Jan Klimkowski Wrote:Charles Drago Wrote:How do you define "justice" in this case?
And to what would "solving" this case bring closure?
I do not understand the meaning of "Closure". It is not a philosophical concept I can embrace.
The murder of JFK is but one atrocity in the larger conflict.
As for "justice", I recognise it at the level of personal morality.
I have never seen it at the level of state or court or corporation or church.
I define "justice" in this case as the enlightenment, empowerment, and liberation of the extended victims of the assassination -- the peoples of the world who continue to suffer the political, economic, and cultural oppression visited upon them by the Sponsors and their Facilitators.
I agree with Jan that "justice" begins at home, so to speak.
"Closure" is a subjective state of being. For me, I will experience "closure" in the case of JFK's assassination when the "justice" of which I write is experienced universally.
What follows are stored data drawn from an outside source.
(* Induction on a: either the chain of minima from the head is long, or the
   rest is long enough to contain a long increasing sequence, extended by one. *)
Theorem erdos_szekeres a b s : uniq (map f s) -> a * b < size s ->
  (exists2 t, subseq t s & a < size t /\ sorted (relpre f ltn) t) \/
  (exists2 t, subseq t s & b < size t /\ sorted (relpre f gtn) t).
Proof.
elim: a s => [|a IH] [|x s] uniq_s size_s //.
  by left; exists [:: x]; rewrite ?sub1seq ?mem_head.
have sub_D : subseq (x :: lrm x s) (x :: s) by rewrite /= eqxx lrm_subseq.
have sub_R : subseq (nlrm x s) (x :: s).
  exact: subseq_trans (nlrm_subseq _ _) (subseq_cons _ _).
have [long_D|short_D] := ltnP b (size (x :: lrm x s)).
  by right; exists (x :: lrm x s) => //; split=> //; exact: lrm_sorted.
have size_R : a * b < size (nlrm x s).
  by move: short_D size_s; rewrite /= -(size_lrm_nlrm x s); lia.
have uniq_R : uniq (map f (nlrm x s)) := subseq_uniq (map_subseq f sub_R) uniq_s.
case: (IH _ uniq_R size_R) => [[t sub_t [size_t inc_t]]|[t sub_t dec_t]]; last first.
  by right; exists t => //; exact: subseq_trans sub_t sub_R.
case: t sub_t size_t inc_t => // y u sub_t size_t inc_t.
have [z sub_z le_zy] := nlrm_extend sub_t.
have : uniq (map f [:: z, y & u]) := subseq_uniq (map_subseq f sub_z) uniq_s.
rewrite /= inE negb_or => /andP[/andP[ne_zy _] _].
left; exists [:: z, y & u] => //; split; first by rewrite /= ltnS.
by move: inc_t; rewrite /= ltn_neqAle ne_zy le_zy.
Qed.

End ErdosSzekeres.

Definition monotone_by (T : Type) (f : T -> nat) (t : seq T) : Prop :=
  sorted (relpre f ltn) t \/ sorted (relpre f gtn) t.

Lemma monotone_by_subseq (T : eqType) (f : T -> nat) (t u : seq T) :
  subseq u t -> monotone_by f t -> monotone_by f u.
Proof.
move=> sub_u [inc|dec]; [left|right]; apply: subseq_sorted sub_u _ => //.
  by move=> y x z /= lt_xy; apply: ltn_trans.
by move=> y x z /= lt_yx lt_zy; apply: ltn_trans lt_zy lt_yx.
Qed.

Lemma erdos_szekeres_square (T : eqType) (f : T -> nat) a s :
  uniq (map f s) -> a * a < size s -> exists2 t, subseq t s & a < size t /\ monotone_by f t.
Proof.
move=> uniq_s size_s.
by case: (erdos_szekeres uniq_s size_s) => -[t sub_t [size_t mono_t]];
  exists t => //; split => //; [left|right].
Qed.

Lemma erdos_szekeres_twice (T : eqType) (f g : T -> nat) a s :
  uniq (map f s) -> uniq (map g s) -> a * (a + 2) * (a * (a + 2)) < size s ->
  exists2 t, subseq t s & [/\ a < size t, monotone_by f t & monotone_by g t].
Proof.
move=> uniq_f uniq_g size_s.
have [t1 sub_t1 [size_t1 mono_f]] := erdos_szekeres_square uniq_f size_s.
have size_t1' : a * a < size t1.
  by apply: leq_ltn_trans size_t1; rewrite leq_mul2l leq_addr orbT.
have uniq_g1 : uniq (map g t1) := subseq_uniq (map_subseq g sub_t1) uniq_g.
have [t sub_t [size_t mono_g]] := erdos_szekeres_square uniq_g1 size_t1'.
exists t; first exact: subseq_trans sub_t sub_t1.
by split=> //; exact: monotone_by_subseq mono_f.
Qed.

Lemma sorted_index_lt (T : eqType) (r : rel T) s x y : transitive r -> sorted r s ->
  x \in s -> y \in s -> r x y -> ~~ r y x -> index x s < index y s.
Proof.
move=> tr_r sorted_s xs ys r_xy nr_yx; rewrite ltn_neqAle leqNgt.
apply/andP; split; last by apply: contra nr_yx; exact: sorted_ltn_index.
by apply: contraNneq nr_yx => /(index_inj x xs ys) eq_xy; move: r_xy; rewrite eq_xy.
Qed.

Lemma map_index_iota (T : eqType) (s : seq T) :
  uniq s -> map (index^~ s) s = iota 0 (size s).
Proof.
elim: s => //= x s IH /andP[x_notin_s uniq_s]; rewrite eqxx; congr cons.
rewrite -(addn0 1) iotaDl -IH // -map_comp; apply/eq_in_map => y ys /=.
by case: eqVneq => [eq_xy|//]; move: x_notin_s; rewrite eq_xy ys.
Qed.

Lemma index_monotone (T : eqType) (p : T -> nat) (t u : seq T) :
  {subset u <= t} -> sorted (relpre p ltn) u -> monotone_by p t ->
  monotone (map (index^~ t) u).
Proof.
move=> sub_u inc_u mono_t; have all_u : all (mem t) u by apply/allP.
have tr r : transitive r -> transitive (relpre p r) by move=> tr_r y x z; apply: tr_r.
have gtn_trans : transitive gtn.
  by move=> y x z /= lt_yx lt_zy; apply: ltn_trans lt_zy lt_yx.
case: mono_t => [inc_t|dec_t]; [left|right]; rewrite sorted_map;
  apply: (sub_in_sorted _ all_u inc_u) => a b at_ bt /= lt_ab.
- apply: (sorted_index_lt (tr _ ltn_trans) inc_t at_ bt lt_ab); rewrite /=; lia.
- apply: (sorted_index_lt (tr _ gtn_trans) dec_t bt at_ lt_ab); rewrite /=; lia.
Qed.

Lemma monotone_map_mono (f : nat -> nat) (s : seq nat) :
  {mono f : x y / x < y} -> monotone s -> monotone (map f s).
Proof.
move=> f_mono [inc|dec]; [left|right]; rewrite sorted_map.
  by apply: sub_sorted inc => x y /=; rewrite f_mono.
by apply: sub_sorted dec => x y /=; rewrite f_mono.
Qed.

(* Block j is {2j+1, 2j+2}; elem par j is its member of parity par. *)
Definition elem (par : bool) (j : nat) : nat := j.*2 + ~~ par + 1.

Definition block (x : nat) : nat := x.-1./2.

Lemma odd_elem par j : odd (elem par j) = par.
Proof. by rewrite /elem addn1 /= oddD odd_double; case: par. Qed.

Lemma block_elem par j : block (elem par j) = j.
Proof. by rewrite /block /elem addn1 /= addnC half_bit_double. Qed.

Lemma elemK x : 0 < x -> elem (odd x) (block x) = x.
Proof.
case: x => // x _; rewrite /elem /block /= negbK addn1.
by rewrite addnC odd_double_half.
Qed.

Lemma ltn_elem p q i j : (elem p i < elem q j) = (i < j) || (i == j) && p && ~~ q.
Proof. by rewrite /elem; case: p; case: q; case: ltngtP => /=; lia. Qed.

Lemma ltn_elem2 par i j : (elem par i < elem par j) = (i < j).
Proof. by rewrite ltn_elem -andbA andbN andbF orbF. Qed.

Lemma flatten_elem_iota s m :
  flatten [seq [:: elem true i; elem false i] | i <- iota s m] = iota s.*2.+1 m.*2.
Proof.
by elim: m s => //= m IH s; rewrite IH doubleS /elem /= addn0 !addn1.
Qed.

Section Relabel.
Variable t : seq nat.
Hypothesis t_sorted : sorted ltn t.

Definition picked (x : nat) : bool := (0 < x) && (block x \in t).

Definition relabel (x : nat) : nat := elem (odd x) (index (block x) t).

Lemma odd_relabel x : odd (relabel x) = odd x.
Proof. exact: odd_elem. Qed.

Lemma relabel_elem par j : relabel (elem par j) = elem par (index j t).
Proof. by rewrite /relabel odd_elem block_elem. Qed.

Lemma index_ltn : {in t &, forall i j, (index i t < index j t) = (i < j)}.
Proof.
move=> i j it jt; apply/idP/idP.
  exact: (@sorted_ltn_index _ ltn ltn_trans t t_sorted i j it jt).
by move=> lt_ij; apply: (sorted_index_lt ltn_trans t_sorted it jt lt_ij); rewrite /=; lia.
Qed.

Lemma relabel_mono : {in picked &, {mono relabel : x y / x < y}}.
Proof.
move=> x y /andP[x_gt0 xt] /andP[y_gt0 yt].
rewrite -{2}(elemK x_gt0) -{2}(elemK y_gt0) /relabel !ltn_elem index_ltn //.
by congr (_ || _ && _ && _); apply/eqP/eqP => [/(index_inj 0 xt yt)|->].
Qed.

End Relabel.

Definition no_odd_before_even (a b : nat) : bool := ~~ odd a || odd b.

Lemma evens_first_pairwise s :
  (forall i j, i < j -> j < size s -> ~ (odd (nth 0 s i) /\ ~~ odd (nth 0 s j))) <->
  pairwise no_odd_before_even s.
Proof.
split => [no_pair|/(pairwiseP 0) ok_s i j lt_ij lt_j [odd_i even_j]].
  apply/(pairwiseP 0) => i j lt_i lt_j lt_ij; rewrite /no_odd_before_even.
  case: (boolP (odd _)) => //= odd_i; apply/negPn/negP => even_j.
  exact: (no_pair i j lt_ij lt_j (conj odd_i even_j)).
move: (ok_s i j (ltn_trans lt_ij lt_j) lt_j lt_ij).
by rewrite /no_odd_before_even odd_i (negbTE even_j).
Qed.

Section Pattern.
Variables (pi : seq nat) (n : nat).
Hypotheses (pi_perm : is_perm pi) (pi_size : size pi = n.*2).

Lemma mem_pi x : (x \in pi) = (0 < x <= n.*2).
Proof. by rewrite (perm_mem pi_perm) mem_iota pi_size. Qed.

Lemma uniq_pi : uniq pi.
Proof. by rewrite (perm_uniq pi_perm) iota_uniq. Qed.

(* Position in pi of the member of parity par of block j: the two keys to which
   Erdos-Szekeres is applied. *)
Definition pos (par : bool) (j : nat) : nat := index (elem par j) pi.

Lemma elem_in_pi par j : j < n -> elem par j \in pi.
Proof. by rewrite mem_pi /elem; case: par => /=; lia. Qed.

Lemma uniq_pos par : uniq (map (pos par) (iota 0 n)).
Proof.
rewrite (map_comp (index^~ pi) (elem par)) map_inj_in_uniq.
  by rewrite map_inj_uniq ?iota_uniq // => i j; rewrite /elem; lia.
move=> x y /mapP[i]; rewrite mem_iota add0n => /andP[_ lt_in] -> /mapP[j].
rewrite mem_iota add0n => /andP[_ lt_jn] ->.
by apply: (index_inj 0); exact: elem_in_pi.
Qed.

Variable t : seq nat.
Hypothesis t_sub : subseq t (iota 0 n).

Lemma t_sorted : sorted ltn t.
Proof. exact: (subseq_sorted ltn_trans t_sub (iota_ltn_sorted 0 n)). Qed.

Definition chosen : seq nat := [seq x <- pi | picked t x].
Definition sigma : seq nat := map (relabel t) chosen.
Definition blocks : seq nat := flatten [seq [:: elem true j; elem false j] | j <- t].

Lemma mem_blocks x : (x \in blocks) = picked t x.
Proof.
apply/flatten_mapP/idP => [[j jt]|/andP[x_gt0 xt]].
  by rewrite !inE => /orP[]/eqP->; rewrite /picked block_elem jt /elem addn1.
exists (block x) => //; have := elemK x_gt0; set j := block x.
by case: (odd x) => <-; rewrite !inE eqxx ?orbT.
Qed.

Lemma relabel_blocks : map (relabel t) blocks = iota 1 (size t).*2.
Proof.
have t_uniq : uniq t := subseq_uniq t_sub (iota_uniq 0 n).
rewrite /blocks -(flatten_elem_iota 0) -(map_index_iota t_uniq) map_flatten -!map_comp.
by congr flatten; apply: eq_map => j /=; rewrite !relabel_elem.
Qed.

Lemma chosen_blocks : perm_eq chosen blocks.
Proof.
apply: uniq_perm; first exact: filter_uniq uniq_pi.
  by apply: (@map_uniq _ _ (relabel t)); rewrite relabel_blocks iota_uniq.
move=> x; rewrite mem_filter mem_blocks andb_idr // => /andP[x_gt0 xt].
have lt_bn : block x < n by have := mem_subseq t_sub xt; rewrite mem_iota.
by rewrite -(elemK x_gt0) elem_in_pi.
Qed.

Lemma sigma_perm : is_perm sigma /\ size sigma = (size t).*2.
Proof.
have perm_sigma : perm_eq sigma (iota 1 (size t).*2).
  by rewrite -relabel_blocks; exact: perm_map _ chosen_blocks.
have size_sigma : size sigma = (size t).*2 by rewrite (perm_size perm_sigma) size_iota.
by split=> //; rewrite /is_perm size_sigma.
Qed.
It is a virtual certainty that I shall not enjoy such an experience in this body. But enjoy it I shall. Because it is my faith that our personal and collective struggles continue beyond the demise of mortal self, and that the arc of the universe bends toward the "justice" sought by myself and countless others.
To hasten that day, I shall continue to engage the enemy by speaking truth to the power it wields and knowing the power that is peace.